How to Get Proactive About Data Quality
The best way to improve data quality is to prevent data errors at the source. But that requires major shifts in mindsets and organization, as meal-kit company HelloFresh learned.
Topics
Matt Harrison Clough
Poor data quality undermines good decision-making and dooms many AI initiatives. However, many organizations are operating in unmanaged data mode or organized cleanup mode, with low-quality data. Companies that make the move to proactive prevention mode, in which data errors are prevented at the source, benefit from better business decisions and more trustworthy analytics. Learn how to help your organization make the leap, as executives at meal-kit company HelloFresh did.
When it comes to dealing with data quality, teams and companies fall into one of three modes: unmanaged, organized cleanup, or proactive prevention. Most organizations get stuck in one of the first two. The work of addressing data issues is demanding, messy, and time-consuming. Poor-quality data can cripple decision-making and doom generative AI projects, since bad data fed to AI models turns into untrustworthy results.   
The real data quality breakthrough happens when companies transition to the third mode, where errors are prevented at the source. But this shift requires a major change in mindset, in which every employee recognizes that they are both a data creator and a data customer and starts acting like it. 

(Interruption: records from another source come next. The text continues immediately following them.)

Definition integer_lists (X : Banach) (Hfin : l2_finitely_isometric X) : MetricSpace := {|
  mcar := list Z;
  mdist := list_dist;
  mdist_eq0 := list_dist_eq0;
  mdist_sym := list_dist_sym;
  mdist_triangle := fun x y z =>
    seq_dist_triangle X Hfin _ _ _ _ _ _ (square_summable_list_coords x)
      (square_summable_list_coords y) (square_summable_list_coords z)
      (list_dist_spec x y) (list_dist_spec y z) (list_dist_spec x z) |}.

Definition list_to_l2 (l : list Z) : l2 := exist _ (list_coords l) (square_summable_list_coords l).

Theorem theorem1p7 (X : Banach)
  (Hsc : strictly_convex X)
  (Hfin : l2_finitely_isometric X)
  (Hnot : ~ l2_isomorphic_embeds X) :
  exists (A : MetricSpace) (C : R),
    1 <= C /\ locally_finite A /\
    (forall s : list A, bilip_embeds_le A X (fun x => In x s) C) /\
    ~ bilip_embeds_le A X (fun _ => True) C.
Proof.
  exists (integer_lists X Hfin), 1. split; [lra|]. split; [|split].
  - exact list_dist_ball_finite.
  - intros s. destruct (Hfin (map list_to_l2 s)) as [g Hg].
    exists (fun a => g (list_to_l2 a)), 1. split; [lra|]. intros x y Hx Hy.
    rewrite (Hg (list_to_l2 x) (list_to_l2 y) (list_dist x y));
      [simpl; lra | apply in_map; exact Hx | apply in_map; exact Hy | apply list_dist_spec].
  - intros [f [r [Hr Hf]]]. apply Hnot.
    assert (Hf' : forall a b, vnorm X (vsub X (f a) (f b)) = r * list_dist a b).
    { intros a b. specialize (Hf a b I I). simpl in Hf. lra. }
    set (L := approx_lim X Hsc Hfin f r Hr Hf').
    apply (isometry_l2_isomorphic_embeds X Hsc (fun x => vsub X (L x) (L l2_zero)) r);
      [| | exact Hr].
    + intros x y d Hd. rewrite vsub_vsub_cancel. apply approx_lim_isometry, Hd.
    + apply vsub_diag.
Qed.
(* For a nontrivial finite abelian $p$-group $A$ ($p$ prime) with exponent $p^d$, let $t(A)$ be the unique positive integer such that $A\cong \mathbb{Z}/p^{d_1}\mathbb{Z}\oplus\cdots\oplus\mathbb{Z}/p^{d_k}\mathbb{Z}\oplus(\mathbb{Z}/p^{d}\mathbb{Z})^{t(A)}$ with $d_1\le d_2\le\cdots\le d_k<d$. Then: (i) For every prime $p$, every nontrivial finite abelian $p$-group $A$ and every noncyclic finite $p$-group $B$, $1-p^{-t(A)p}\le \psi(A,B)\le 1$. (ii) There is a constant $C>0$ such that for every prime $p$, every nontrivial finite abelian $p$-group $A$ and every nontrivial finite cyclic $p$-group $B$, $\left|\psi(A,B)-\left(1-p^{-t(A)}\right)\right|\le C\,p^{-t(A)-1}$. In particular, there is a constant $C'>0$ such that $|\psi(A,B)-1|\le C'/p$ for every prime $p$, every nontrivial finite abelian $p$-group $A$ and every nontrivial finite $p$-group $B$.
   Context: For a finite group $G$, the average order is $a(G)=\frac{1}{|G|}\sum_{g\in G}\mathrm{order}(g)$ and $m(G)$ denotes the maximum order of an element of $G$. For $p$-groups $A,B$, $\psi(A,B)=\frac{a(A\wr B)}{m(A)\,a(B)}$. For groups $A,B$, let $K=\prod_{b\in B}A$, on which $B$ acts by $x\cdot(\alpha_b)_b=(\alpha_{x^{-1}b})_b$ for $x\in B$; the wreath product $A\wr B$ is the semidirect product $K\rtimes B$ for this action. The paper's big-$O$ convention $g=O(f)$ means $|g|\le M|f|$ always, for a fixed constant $M$; this is what the constants $C$, $C'$ express. *)

From HB Require Import structures.
From mathcomp Require Import all_boot all_order all_algebra all_fingroup all_solvable.
Set Implicit Arguments. Unset Strict Implicit. Unset Printing Implicit Defensive.
Import GRing.Theory Num.Theory.

Local Open Scope group_scope.

(* The (regular) wreath product aT wr bT = K ><| bT with K = {ffun bT -> aT},
   where x in bT acts on K by (x . k) b = k (x^-1 b), so that
   (k, x) * (l, y) = (k * (x . l), x * y). *)
Section Wreath.
Variables (aT bT : finGroupType).

Definition wreath_of := ({ffun bT -> aT} * bT)%type.
HB.instance Definition _ := Finite.on wreath_of.

Definition wr_act (x : bT) (k : {ffun bT -> aT}) : {ffun bT -> aT} :=
  [ffun b => k (x^-1 * b)].

Definition wr_mul (u v : wreath_of) : wreath_of :=
  ([ffun b => u.1 b * wr_act u.2 v.1 b], u.2 * v.2).
Definition wr_one : wreath_of := ([ffun => 1], 1).
Definition wr_inv (u : wreath_of) : wreath_of :=
  (wr_act u.2^-1 [ffun b => (u.1 b)^-1], u.2^-1).

Lemma wr_mulA : associative wr_mul.
Proof.
move=> [k x] [l y] [m z]; rewrite /wr_mul /wr_act /=; congr (_, _); last first.
  by rewrite mulgA.
by apply/ffunP=> b; rewrite !ffunE /= mulgA invMg mulgA.
Qed.

Lemma wr_mul1 : left_id wr_one wr_mul.
Proof.
move=> [k x]; rewrite /wr_mul /wr_act /=; congr (_, _); last by rewrite mul1g.
by apply/ffunP=> b; rewrite !ffunE /= invg1 !mul1g.
Qed.

Lemma wr_mulV : left_inverse wr_one wr_inv wr_mul.
Proof.
move=> [k x]; rewrite /wr_mul /wr_act /=; congr (_, _); last by rewrite mulVg.
by apply/ffunP=> b; rewrite !ffunE /= mulVg.
Qed.

HB.instance Definition _ := Finite_isGroup.Build wreath_of wr_mulA wr_mul1 wr_mulV.

End Wreath.

Notation "A 'wr' B" := (wreath_of A B) (at level 40) : type_scope.

Local Open Scope ring_scope.

Definition avg_order (gT : finGroupType) : rat :=
  (\sum_(g : gT) #[g]%g)%:R / #|gT|%:R.

Definition max_order (gT : finGroupType) : nat := \max_(g : gT) #[g]%g.

Definition psi (aT bT : finGroupType) : rat :=
  avg_order (aT wr bT) / ((max_order aT)%:R * avg_order bT).

Definition tA (aT : finGroupType) : nat :=
  count_mem (exponent [set: aT]) (abelian_type [set: aT]).

(* Writing [N] for the function [b |-> \prod_(i < #[x]) k (x ^- i * b)], we have
   [(k, x) ^+ #[x] = (N, 1)], so [#[(k, x)] = #[x] * #[(N, 1)]] and psi(A, B) is the
   [#[x]]-weighted mean over [x] in B of the average over k of [#[(N, 1)] / exp(A)].
   For abelian A, N is constant on the cosets [<[x]> :* b], and replacing k by N on a
   transversal of these cosets is a bijection; as [#|A : 'Ohm_(d-1)(A)| = p ^ t(A)], N takes
   all its values in ['Ohm_(d-1)(A)] with probability exactly [beta = p ^- (t(A) * |B : <[x]>|)].
   Then [#[(N, 1)] <= p ^ (d-1)], and otherwise [#[(N, 1)] = p ^ d = exp(A)], so the average
   lies between [1 - beta] and [1 - beta + beta / p].  The index [|B : <[x]>|] is at least p
   when B is not cyclic; when B is cyclic, only the generators have index 1, and they carry
   at least half of the total weight. *)

From HB Require Import structures.
From mathcomp Require Import all_boot all_order all_algebra all_fingroup all_solvable.
From mathcomp Require Import zify ring lra.
Import Order.TTheory GRing.Theory Num.Theory.
(* Let $n\ge1$, $\gamma>1$, $V_0>0$, $\rho\in(0,1/n)$, $\theta>1$, $t\in[0,n]$, $\vartheta\in(0,1)$, original qualities $\alpha_1>\dots>\alpha_n>0$, and let $h:[0,1]\to[1,\infty)$ be differentiable, increasing and concave with $h(0)=1$, $h(1)=\bar h>1$. Assume $n\frac{\gamma-1}{\gamma}<1$, $\bar h^{1/\gamma}>\frac1{1-n\rho}$, and $\frac{h'(x)}{\gamma h(x)}>\frac{n\rho}{1-n\rho x}$ for all $x\in[0,1]$. Let $V^*=\frac{\gamma-1}{n-(n-1)\gamma}V_0$. Consider the simultaneous game in which each seller $i$ chooses $x_i\in[0,1]$ to maximize $$\pi_i^p(x_i,x_{-i})=\frac{\gamma-1}{\gamma}\Big(\frac{\alpha_i h(x_i)}{V^*}\Big)^{1/\gamma}\Big[1-\rho\sum_{j=1}^n x_j\Big]\Big(1-\vartheta-\theta\frac{t}{n}x_i\Big).$$ Define $\tau_1=\frac{h'(0)}{\gamma}-\rho$ and $\tau_2=\Big[1+\Big(\frac{h'(1)}{\gamma\bar h}-\frac{\rho}{1-n\rho}\Big)^{-1}\Big]^{-1}$. Then $\tau_1>\tau_2>0$, and the sellers' equilibrium adulteration decisions are symmetric, $x_i^*=x^*$ for all $i$, where: (1) if $\theta\frac{t}{n}\ge\tau_1(1-\vartheta)$, then $x^*=0$; (2) if $\theta\frac{t}{n}\le\tau_2(1-\vartheta)$, then $x^*=1$; (3) otherwise $x^*=\hat x$, where $\hat x\in(0,1)$ is determined by the equation $$\Big(\frac{h'(x)}{\gamma h(x)}-\frac{\rho}{1-n\rho x}\Big)\Big(1-\vartheta-\theta\frac{t}{n}x\Big)=\theta\frac{t}{n}.$$
   Context: $\pi_i^p$ is seller $i$'s expected profit on an e-commerce platform under preemptive economically motivated adulteration (adulteration chosen before the common quality uncertainty is realized), after substituting equilibrium prices. $x_i$ is the amount of adulterant, $h$ the quality improvement it produces, $\rho$ consumers' quality consciousness, $\gamma$ price sensitivity, $V_0$ the outside option's quality-price ratio, $\vartheta$ the platform's take rate, $t$ the number of randomly inspected sellers, and $\theta$ the penalty intensity; $\theta t/n$ is the ''overall penalty risk''. *)

From Stdlib Require Import Reals Lra Lia List.
From Coquelicot Require Import Coquelicot.
Open Scope R_scope.
Lemma posdef_ldl n (A : 'M[R]_n) : posdef A -> exists P (d : 'rV[R]_n),
  [/\ \det P = 1, P *m A *m P^T = diag_mx d & forall i, 0 < d 0 i <= A i i].
Proof.
elim: n A => [|n IH] A hA.
  by exists 1%:M, 0; split; [rewrite det1 | apply/matrixP => -[] | case].
move: A hA; rewrite -[n.+1]/(1 + n)%N => A hA.
have eA := posdef_block_sym hA; move: hA; rewrite [A]eA.
set a := ulsubmx A 0 0; set v := ursubmx A; set C := drsubmx A => hA.
have a0 : 0 < a by move: (posdef_block_ul hA); rewrite mxE eqxx mulr1n.
pose E : 'M[R]_(1 + n) := block_mx 1%:M 0 (- a^-1 *: v^T) 1%:M.
pose S := C - a^-1 *: (v^T *m v).
have EA : E *m block_mx a%:M v v^T C *m E^T = block_mx a%:M 0 0 S.
  exact: schur_congr (lt0r_neq0 a0).
have dE : \det E = 1 by rewrite det_lblock !det1 mulr1.
have uE : E \in unitmx by rewrite unitmxE dE unitr1.
have /posdef_block_dr pS : posdef (block_mx a%:M 0 0 S : 'M[R]_(1 + n)).
  by rewrite -EA; apply: posdef_congr.
have [P [d [dP PS hd]]] := IH S pS.
pose B : 'M[R]_(1 + n) := block_mx 1%:M 0 0 P.
exists (B *m E), (row_mx a%:M d); split.
- by rewrite det_mulmx dE det_ublock det1 dP !mulr1.
- rewrite trmx_mul (_ : _ *m (E^T *m B^T) = B *m (E *m block_mx a%:M v v^T C *m E^T) *m B^T).
    rewrite EA tr_block_mx trmx1 !trmx0 !mulmx_block.
    rewrite !(mul0mx, mulmx0, mul1mx, mulmx1, addr0, add0r) PS diag_mx_row.
    by congr block_mx; apply/matrixP => i j; rewrite !ord1 !mxE eqxx mulr1n.
  by rewrite !mulmxA.
- move=> i; case: (split_ordP i) => j ->.
    by rewrite row_mxEl block_mxEul !ord1 mxE eqxx mulr1n a0 lexx.
  have /andP[dj0 djS] := hd j; rewrite row_mxEr block_mxEdr dj0 (le_trans djS) //.
  rewrite /S !mxE big_ord1 !mxE lerBlDr lerDl.
  by rewrite mulr_ge0 ?invr_ge0 ?(ltW a0) // -expr2 sqr_ge0.
Qed.

Lemma posdef_diag_factor n (A : 'M[R]_n) : posdef A -> exists d : 'rV[R]_n,
  [/\ forall i, 0 < d 0 i, \det A = \prod_i d 0 i & \sum_i d 0 i <= \tr A].
Proof.
move=> /posdef_ldl[P [d [dP PA hd]]]; exists d; split.
- by move=> i; case/andP: (hd i).
- by rewrite -det_diag -PA !det_mulmx det_tr dP mul1r mulr1.
- by apply: ler_sum => i _; case/andP: (hd i).
Qed.

Lemma posdef_det_gt0 n (A : 'M[R]_n) : posdef A -> 0 < \det A.
Proof. by case/posdef_diag_factor => d [d0 -> _]; apply: prodr_gt0 => i _. Qed.

Lemma posdef_unitmx n (A : 'M[R]_n) : posdef A -> A \in unitmx.
Proof. by move/posdef_det_gt0; rewrite unitmxE unitfE => /lt0r_neq0. Qed.

Lemma ln_prod (I : finType) (F : I -> R) : (forall i, 0 < F i) ->
  ln (\prod_i F i) = \sum_i ln (F i).
Proof.
move=> F0; suff [] : 0 < \prod_i F i /\ ln (\prod_i F i) = \sum_i ln (F i) by [].
apply: (big_ind2 (fun x y => 0 < x /\ ln x = y)) => [|x1 x2 y1 y2 [x10 <-] [x20 <-]|i _] //.
- by rewrite ln1.
- by rewrite mulr_gt0 // lnM.
Qed.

How can companies reach this third mode of data quality? In our experience, the change often starts with a provocateur, such as a manager with a nagging business problem, and gains momentum when leaders at many levels start working together to improve data quality within their own spans of influence. Let’s explore lessons on how to get started and how this journey to proactive data quality improvement has worked at organizations like meal-kit company HelloFresh.
A Common Trap
It is easy to see how companies get caught in the unmanaged and organized cleanup modes. Look at the data flow in any company and you’ll observe a daisy chain: People in a department use data to do their jobs, in turn creating new data, which goes to the next group in line. People generally work within their silos, seeing themselves only as salespeople, vendor managers, market researchers, and so forth. When someone — say, a salesperson — sees an error, it’s only natural that they want to correct it. But correcting errors is difficult, time-consuming work, and plenty of quality issues go undetected, propagating further downstream damage. This is Mode 1, unmanaged data.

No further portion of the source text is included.